If I remember correctly from my own alternator woes, 1 wire alternators are called one wire cause they only connect to the battery directly in one way or another. But usually they usually have 3 posts connecting to each other or the voltage regulator in some way.

I had the original one in it, and when i disconnected the red battery cable it ran fine, till it came to when i added the new stereo, then it pulled too much from the alternator, and when i disconnected it from the battery it died immediately. I got the alternator tested from Kraigen and they said it was fine. I put in my new 1 wire 120 amp alternator, and disconnected the battery it stays on...

Just my .02
 
There is no way for us to know what alternator you have without pictures or at least some part numbers. Please post pics/part numbers if you can.


Stock replacement alternator from autozone, its got 3 posts and was virtually identical to the old one I took off. I will take pics today, I have some spare time to work on the car
 
It really does sound like a problem with ignition coil voltage/wiring.

There really isn't any other electrical system that could effect how the engine is running.

Can you get someone to help you? You measure the coil voltage while he/she starts the car and then flips the switch? Voltage at the battery won't tell you much here, you need to measure the voltage directly at the coil.
 
Tested the voltage at the coil with alternator on, jumps up to 14 volts when alternator is switched on. Turn the alt off and it goes back to 11-12 and starts to run great.

Went to autozone and they tested the alternator. Said it was bad, but I have a lifetime warranty on it :nice:

Put the new one in and the same thing happens :shrug:

Its not robbing power from the coil, it does indeed put out the voltage it should, and all the grounds have been doublechecked/taken loose and cleaned.

Coils getting power, the points are adjusted correctly, it just starts to bog down and miss. Before it dies the carb likes to pop a few times to let me know its not happy.

Ignition issue... but.... where......

I might end up getting a ballast resistor and seeing if the points would rather run on the lower voltage they are supposed to get. Maybe the resistor wire/ballast is there for a reason lol :D
 
Points/coil don't like full 12-14v power.
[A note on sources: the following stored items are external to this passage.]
(* Let $n\ge 2$ and $1\le m\le n-1$ be integers, and let $\alpha=(\alpha_0,\dots,\alpha_m)$ and $\beta=(\beta_0,\dots,\beta_m)$ be sequences of complex numbers. Let $A = T^{(\alpha,m)} - G^{(\alpha,m)}$ and $B = T^{(\beta,m)} - G^{(\beta,m)}$, where $T^{(\xi,m)}$ and $G^{(\xi,m)}$ are the $n\times n$ matrices defined in the context. Assume that $B$ is invertible. Set $h = \frac{1}{n+1/2}$ and, for $j=1,\dots,n$, $$\lambda_j = \frac{\alpha_0 + 2\sum_{l=1}^{m}\alpha_l\cos(l j\pi h)}{\beta_0 + 2\sum_{l=1}^{m}\beta_l\cos(l j\pi h)},\qquad \boldsymbol{x}_j=(x_{j,1},\dots,x_{j,n})^T,\quad x_{j,k} = C\sin\!\big(j\pi(n-k+1/2)h\big),\ k=1,\dots,n,$$ where $C\neq 0$ is a constant. Then for every $j=1,\dots,n$, $(\lambda_j,\boldsymbol{x}_j)$ is an eigenpair of the generalised matrix eigenvalue problem $A\boldsymbol{x}=\lambda B\boldsymbol{x}$, i.e. $A\boldsymbol{x}_j=\lambda_j B\boldsymbol{x}_j$.
   Context: For a sequence $\xi=(\xi_0,\xi_1,\dots,\xi_m)$ of complex numbers and $m\le n-1$, $T^{(\xi,m)}\in\mathbb{C}^{n\times n}$ is the symmetric banded Toeplitz matrix with entries $T^{(\xi,m)}_{j,j+k}=\xi_{|k|}$ if $|k|\le m$ (for all $j$ and integers $k$ with $1\le j, j+k\le n$) and all other entries $0$. $H^{(\xi,m)}\in\mathbb{C}^{n\times n}$ is the matrix with entries $H^{(\xi,m)}_{j,k}=\xi_{j+k-1}$ for $j=1,\dots,m$, $k=1,\dots,m-j+1$; $H^{(\xi,m)}_{n-j+1,\,n-k+1}=\xi_{j+k}$ for $j=1,\dots,m-1$, $k=1,\dots,m-j$; and all other entries $0$. $G^{(\xi,m)}$ is the anti-diagonal transpose (flip across the anti-diagonal) of $H^{(\xi,m)}$, i.e. $G^{(\xi,m)}_{j,k}=H^{(\xi,m)}_{n+1-k,\,n+1-j}$ for all $j,k=1,\dots,n$. *)

From HB Require Import structures.
From mathcomp Require Import all_boot all_order all_algebra.
From mathcomp Require Import complex.
From mathcomp Require Import all_classical all_reals all_analysis.
Set Implicit Arguments. Unset Strict Implicit. Unset Printing Implicit Defensive.
Import Order.TTheory GRing.Theory Num.Theory.
Local Open Scope ring_scope.

(* Matrices are 0-indexed in MathComp: the paper's row/column index j (1-based)
   corresponds to the ordinal i with val i = j - 1. *)

Definition toepT (F : nzRingType) (n m : nat) (xi : nat -> F) : 'M[F]_n :=
  \matrix_(i < n, l < n)
    let d := (subn i l + subn l i)%N in if (d <= m)%N then xi d else 0.

(* H^(xi,m): (1-based) H_{j,k} = xi_{j+k-1} for j = 1..m, k = 1..m-j+1;
   H_{n-j+1,n-k+1} = xi_{j+k} for j = 1..m-1, k = 1..m-j; 0 elsewhere.
   With 0-based i = j-1, l = k-1 the first block is i + l + 1 <= m (value
   xi_(i+l+1)); with 0-based r = n-j, c = n-k the second block is
   (n-r)+(n-c) <= m (value xi_((n-r)+(n-c))).  The two blocks are disjoint
   when m <= n-1. *)
Definition hankH (F : nzRingType) (n m : nat) (xi : nat -> F) : 'M[F]_n :=
  \matrix_(i < n, l < n)
    let s1 := (i + l + 1)%N in
    let s2 := (subn n i + subn n l)%N in
    if (s1 <= m)%N then xi s1
    else if (s2 <= m)%N then xi s2
    else 0.

Definition hankG (F : nzRingType) (n m : nat) (xi : nat -> F) : 'M[F]_n :=
  \matrix_(i < n, l < n) hankH n m xi (rev_ord l) (rev_ord i).

Definition RtoC (R : rcfType) (x : R) : R[i] := Complex x 0.

Definition symb (R : realType) (m : nat) (xi : nat -> R[i]) (h : R) (j : nat) : R[i] :=
  xi 0%N + 2%:R * \sum_(1 <= l < m.+1) xi l * RtoC (cos (l%:R * j%:R * pi * h)).

From mathcomp Require Import all_boot all_order all_algebra.
From mathcomp Require Import complex.
From mathcomp Require Import all_classical all_reals all_analysis.
From mathcomp Require Import zify ring.

(* Extend the eigenvector to the integer sequence y_r = sin (theta (n - 1/2 - r)),
   theta = 2 pi j / (2n + 1).  It is antisymmetric about r = n - 1/2 and, since
   theta (2n + 1) is a multiple of 2 pi, also about r = -1.  The Hankel part G of
   T - G folds exactly the entries of the band stencil that leave 0..n-1 back
   along these two reflections, so row i of (T - G) y is the full stencil
   xi_0 y_i + sum_d xi_d (y_(i+d) + y_(i-d)) = (xi_0 + 2 sum_d xi_d cos (d theta)) y_i.
   Hence y is a common eigenvector of A and B, with the symbols as eigenvalues. *)

Set Implicit Arguments.
Unset Strict Implicit.
Unset Printing Implicit Defensive.

Import Order.TTheory GRing.Theory Num.Theory.
Local Open Scope ring_scope.

Definition band_symbol (F : nzRingType) (m : nat) (a c : nat -> F) : F :=
  a 0%N + 2%:R * \sum_(1 <= d < m.+1) a d * c d.

Section ReflectedToeplitz.
Variables (F : comNzRingType) (n m : nat) (a : nat -> F).

Lemma toepT_sum (i l : 'I_n) :
  toepT n m a i l = \sum_(d < m.+1 | d == (i - l + (l - i))%N :> nat) a d.
Proof. by rewrite mxE big_ord1_eq. Qed.

Hypothesis m_le_n : (m <= n)%N.

Lemma hankG_sum (i l : 'I_n) :
  hankG n m a i l = \sum_(d < m.+1 | d == (n + n - (i + l).+1)%N :> nat) a d
                  + \sum_(d < m.+1 | d == (i + l).+2 :> nat) a d.
Proof.
rewrite !mxE !big_ord1_eq /= !ltnS.
have lt_in := ltn_ord i; have lt_ln := ltn_ord l.
have -> : (n - l.+1 + (n - i.+1) + 1 = n + n - (i + l).+1)%N by lia.
have -> : (n - (n - l.+1) + (n - (n - i.+1)) = (i + l).+2)%N by lia.
case: ifP => [s1_le|_]; last by rewrite add0r.
have -> : ((i + l).+2 <= m)%N = false by lia.
by rewrite addr0.
Qed.

Lemma sum_band_exchange (M : nat) (f : 'I_n -> nat) (v : 'I_n -> F) :
  \sum_(l < n) (\sum_(d < M | d == f l :> nat) a d) * v l =
  \sum_(d < M) a d * \sum_(l < n | d == f l :> nat) v l.
Proof.
under eq_bigr do rewrite mulr_suml.
rewrite (exchange_big_dep predT) //=.
by apply: eq_bigr => d _; rewrite mulr_sumr.
Qed.

Variable y : int -> F.
Hypothesis y_antisym_low : forall r, y (-2 - r) = - y r.
Hypothesis y_antisym_high : forall r, y (n%:Z *+ 2 - 1 - r) = - y r.

Lemma sum_dist0 (i : 'I_n) : \sum_(l < n | 0 == (i - l + (l - i))%N :> nat) y l = y i.
Proof.
rewrite (eq_bigl (fun l : 'I_n => nat_of_ord l == i)) => [|l]; last by apply/eqP/eqP; lia.
by rewrite (big_ord1_eq _ (fun k : nat => y k)) ltn_ord.
Qed.

Lemma sum_dist (i : 'I_n) d : (0 < d)%N ->
  \sum_(l < n | d == (i - l + (l - i))%N :> nat) y l =
  (if (i + d < n)%N then y (i%:Z + d%:Z) else 0) +
  (if (d <= i)%N then y (i%:Z - d%:Z) else 0).
Proof.
move=> d_gt0; rewrite (bigID (fun l : 'I_n => i <= l)%N) /=; congr (_ + _).
  rewrite (eq_bigl (fun l : 'I_n => nat_of_ord l == i + d)%N) => [|l]; last first.
    by apply/idP/idP; [case/andP => /eqP + ? | move=> /eqP ?]; lia.
  by rewrite (big_ord1_eq _ (fun k : nat => y k)) PoszD.
rewrite (eq_bigl (fun l : 'I_n => (d <= i) && (nat_of_ord l == i - d))%N) => [|l]; last first.
  by apply/idP/idP; [case/andP => /eqP + ? | case/andP => ? /eqP ?]; lia.
rewrite (big_ord1_cond_eq _ (fun k : nat => y k) (fun=> d <= i)%N).
have -> /= : (i - d < n)%N by have := ltn_ord i; lia.
by case: leqP => // le_di; congr y; lia.
Qed.

Lemma sum_reflect_high (i : 'I_n) d : (d <= n)%N ->
  \sum_(l < n | d == (n + n - (i + l).+1)%N :> nat) y l =
  if (n <= i + d)%N then - y (i%:Z + d%:Z) else 0.
Proof.
move=> le_dn; have lt_in := ltn_ord i.
rewrite (eq_bigl (fun l : 'I_n => nat_of_ord l == n + n - (i + d).+1)%N) => [|l]; last first.
  by move: (ltn_ord l) => ?; apply/eqP/eqP; lia.
rewrite (big_ord1_eq _ (fun k : nat => y k)); case: (leqP n (i + d)) => [le_n_id|lt_id_n].
  have -> : (n + n - (i + d).+1 < n)%N by lia.
  by rewrite -y_antisym_high; congr y; lia.
by have -> : (n + n - (i + d).+1 < n)%N = false by lia.
Qed.

Lemma sum_reflect_low (i : 'I_n) d : (d <= n)%N ->
  \sum_(l < n | d == (i + l).+2 :> nat) y l =
  if (i.+2 <= d)%N then - y (i%:Z - d%:Z) else 0.
Proof.
move=> le_dn; have lt_in := ltn_ord i.
rewrite (eq_bigl (fun l : 'I_n => (i.+2 <= d) && (nat_of_ord l == d - i.+2))%N) => [|l].
  rewrite (big_ord1_cond_eq _ (fun k : nat => y k) (fun=> i.+2 <= d)%N).
  have -> /= : (d - i.+2 < n)%N by lia.
  by case: leqP => // le_i2d; rewrite -y_antisym_low; congr y; lia.
by apply/idP/idP; [move=> /eqP ? | case/andP => ? /eqP ?]; lia.
Qed.

(* Implied by y_antisym_low unless F has characteristic 2. *)
Hypothesis y_center : y (-1) = 0.

Lemma sum_dist_reflected (i : 'I_n) d : (0 < d <= n)%N ->
  \sum_(l < n | d == (i - l + (l - i))%N :> nat) y l
  - (\sum_(l < n | d == (n + n - (i + l).+1)%N :> nat) y l
     + \sum_(l < n | d == (i + l).+2 :> nat) y l) =
  y (i%:Z + d%:Z) + y (i%:Z - d%:Z).
Proof.
move=> /andP[d_gt0 le_dn].
rewrite sum_dist // sum_reflect_high // sum_reflect_low // -[(d <= i)%N]ltnS.
have y_center_i : y (i%:Z - i.+1%:Z) = 0 by rewrite -y_center; congr y; lia.
have [lt_idn|le_nid] := ltnP (i + d) n; have [lt_di|lt_id|->] := ltngtP d i.+1.
all: rewrite ?y_center_i; ring.
Qed.

Lemma toepT_mulmx_col : toepT n m a *m \col_(k < n) y k =
  \col_(i < n) \sum_(d < m.+1) a d * \sum_(l < n | d == (i - l + (l - i))%N :> nat) y l.
Proof.
apply/matrixP => i k; rewrite mxE [RHS]mxE.
under eq_bigr => l _ do rewrite toepT_sum mxE.
exact: sum_band_exchange.
Qed.

Lemma hankG_mulmx_col : hankG n m a *m \col_(k < n) y k =
  \col_(i < n) \sum_(d < m.+1) a d *
     (\sum_(l < n | d == (n + n - (i + l).+1)%N :> nat) y l
      + \sum_(l < n | d == (i + l).+2 :> nat) y l).
Proof.
apply/matrixP => i k; rewrite mxE [RHS]mxE.
under eq_bigr => l _ do rewrite hankG_sum mxE mulrDl.
rewrite big_split /= !sum_band_exchange -big_split /=.
by under eq_bigr do rewrite -mulrDr.
Qed.

Variable c : nat -> F.
Hypothesis y_shift : forall (r : int) (d : nat), y (r + d%:Z) + y (r - d%:Z) = 2 * c d * y r.

Lemma reflected_toeplitz_col_eigen :
  (toepT n m a - hankG n m a) *m \col_(k < n) y k = band_symbol m a c *: \col_(k < n) y k.
Proof.
rewrite mulmxBl toepT_mulmx_col hankG_mulmx_col; apply/matrixP => i k; rewrite !mxE.
rewrite -sumrB; under eq_bigr do rewrite -mulrBr.
rewrite big_ord_recl /= sum_dist0 sum_reflect_high // sum_reflect_low //.
rewrite addn0 leqNgt ltn_ord addr0 subr0.
under eq_bigr => d _.
  rewrite sum_dist_reflected ?y_shift; last by rewrite /bump /=; have := ltn_ord d; lia.
  over.
rewrite /band_symbol big_add1 big_mkord mulrDl mulr_sumr mulr_suml; congr (_ + _).
by apply: eq_bigr => d _; rewrite /bump /=; ring.
Qed.

End ReflectedToeplitz.

Lemma symb_band_symbol (R : realType) (m : nat) (xi : nat -> R[i]) (h : R) (j : nat) :
  symb m xi h j = band_symbol m xi (fun d => RtoC (cos (d%:R * j%:R * pi * h))).
Proof. by []. Qed.

Section SineMode.
Variables (R : realType) (n j : nat) (K : R[i]).

Let h : R := (n%:R + 2^-1)^-1.
Let theta : R := j%:R * pi * h.

Definition sine_mode (r : int) : R[i] := K * RtoC (sin (theta * (n%:R - 2^-1 - r%:~R))).

Lemma RtoC_real (x : R) : RtoC x = real_complex R x.
Proof. by []. Qed.

Lemma sine_mode_nat (k : nat) : (k < n)%N ->
  K * RtoC (sin (j%:R * pi * ((n - k.+1)%:R + 2^-1) * h)) = sine_mode k.
Proof.
move=> lt_kn; rewrite /sine_mode /theta natrB // -addn1 natrD.
by congr (_ * RtoC (sin _)); field.
Qed.

Lemma sine_mode_antisym_high r : sine_mode (n%:Z *+ 2 - 1 - r) = - sine_mode r.
Proof.
rewrite /sine_mode !RtoC_real -mulrN; congr (_ * _).
rewrite -[RHS]rmorphN -sinN; congr (real_complex R (sin _)).
rewrite !intrB rmorphMn ?rmorph1.
by field.
Qed.

Lemma sine_mode_antisym_low r : sine_mode (-2 - r) = - sine_mode r.
Proof.
have n_half_neq0 : n%:R + 2^-1 != 0 :> R.
  apply: lt0r_neq0; apply: ltr_wpDl; [exact: ler0n | by rewrite invr_gt0 ltr0n].
have period : theta * (n%:R + 2^-1) *+ 2 = pi *+ 2 *+ j.
  by rewrite /theta /h; field.
rewrite /sine_mode !RtoC_real -mulrN; congr (_ * _).
rewrite -[RHS]rmorphN -sinN -[in RHS](periodicn (@sinD2pi R) j) -period.
congr (real_complex R (sin _)); rewrite intrB.
by field.
Qed.

Lemma sine_mode_center : sine_mode (-1) = 0.
Proof.
have := sine_mode_antisym_low (-1); rewrite (_ : -2 - -1 = -1) // => /eqP.
by rewrite -addr_eq0 -mulr2n mulrn_eq0 /= => /eqP.
Qed.

Lemma sine_mode_shift (r : int) (d : nat) :
  sine_mode (r + d%:Z) + sine_mode (r - d%:Z) =
  2 * RtoC (cos (d%:R * j%:R * pi * h)) * sine_mode r.
Proof.
set u := theta * (n%:R - 2^-1 - r%:~R).
have sin_sum : sin (theta * (n%:R - 2^-1 - (r + d%:Z)%:~R))
             + sin (theta * (n%:R - 2^-1 - (r - d%:Z)%:~R))
             = 2 * cos (d%:R * j%:R * pi * h) * sin u.
  have -> : d%:R * j%:R * pi * h = d%:R * theta by rewrite /theta !mulrA.
  rewrite intrD intrB.
  have -> : theta * (n%:R - 2^-1 - (r%:~R + d%:~R)) = u - d%:R * theta by rewrite /u; ring.
  have -> : theta * (n%:R - 2^-1 - (r%:~R - d%:~R)) = u + d%:R * theta by rewrite /u; ring.
  by rewrite sinB sinD; ring.
rewrite /sine_mode !RtoC_real -mulrDr -rmorphD sin_sum !rmorphM rmorph_nat.
by rewrite -/u; ring.
Qed.

Lemma reflected_toeplitz_sine_mode (m : nat) (a : nat -> R[i]) : (m <= n)%N ->
  (toepT n m a - hankG n m a) *m \col_(k < n) sine_mode k =
  band_symbol m a (fun d => RtoC (cos (d%:R * j%:R * pi * h))) *: \col_(k < n) sine_mode k.
Proof.
move=> m_le_n; apply: reflected_toeplitz_col_eigen => //.
- exact: sine_mode_antisym_low.
- exact: sine_mode_antisym_high.
- exact: sine_mode_center.
- exact: sine_mode_shift.
Qed.

End SineMode.

Lemma mulmx_pencil_eigen (F : fieldType) (n : nat) (A B : 'M[F]_n) (x : 'cV[F]_n) (a b : F) :
  B \in unitmx -> A *m x = a *: x -> B *m x = b *: x -> A *m x = (a / b) *: (B *m x).
Proof.
move=> B_unit Ax Bx; rewrite Ax Bx scalerA.
(* If b = 0 then x = 0, so the junk value a / 0 = 0 is harmless. *)
have [b0|b_neq0] := eqVneq b 0; last by rewrite divfK.
have -> : x = 0 by rewrite -(mulKmx B_unit x) Bx b0 scale0r mulmx0.
by rewrite !scaler0.
Qed.

Theorem mainTheorem2 (R : realType) (n m : nat) (alpha beta : nat -> R[i])
  (Cc : R[i]) (j : nat) :
  (2 <= n)%N -> (1 <= m)%N -> (m <= n - 1)%N ->
  (toepT n m beta - hankG n m beta) \in unitmx ->
  Cc != 0 ->
  (1 <= j <= n)%N ->
  let A := toepT n m alpha - hankG n m alpha in
  let B := toepT n m beta - hankG n m beta in
  let h : R := (n%:R + 2%:R^-1)^-1 in
  let lambda := symb m alpha h j / symb m beta h j in
  let x : 'cV[R[i]]_n :=
    \col_(k < n) (Cc * RtoC (sin (j%:R * pi * ((subn n k.+1)%:R + 2%:R^-1) * h))) in
  A *m x = lambda *: (B *m x).
Proof.
move=> _ _ m_le B_unit _ _ A B h lambda x.
have x_mode : x = \col_(k < n) sine_mode n j Cc k.
  by apply/matrixP => k l; rewrite !mxE sine_mode_nat.
have m_le_n : (m <= n)%N by rewrite (leq_trans m_le) ?leq_subr.
rewrite x_mode /lambda; apply: (mulmx_pencil_eigen B_unit); rewrite symb_band_symbol.
all: exact: reflected_toeplitz_sine_mode.
Qed.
Put a resistor wire in and it solved the problem. My guess was arcing through the points when the alternator gave the car full juice.

Put the pertronix back in for ****s and giggles... it starts!
Runs OK, but after about 2 minutes the idle drops considerably and begins to miss. I can rev it up, and it will rev up OK... then die like turning off a switch. Consistant with what is happening to people with a bad module, its lasted me over 3 years so I'm not worried about it being dead.

Ordering a craine XRi unit, and who knows... maybe it will run right :shrug:
 
I plan on doing that, but it would still only be there to trigger the MSD box

I also found out that the used 6A box I got is in fact an older model box converted to a 6T with a pigtail for a soft touch rev limiter controller. Best 50 bucks I ever spent. Going to throw it in tomorrow.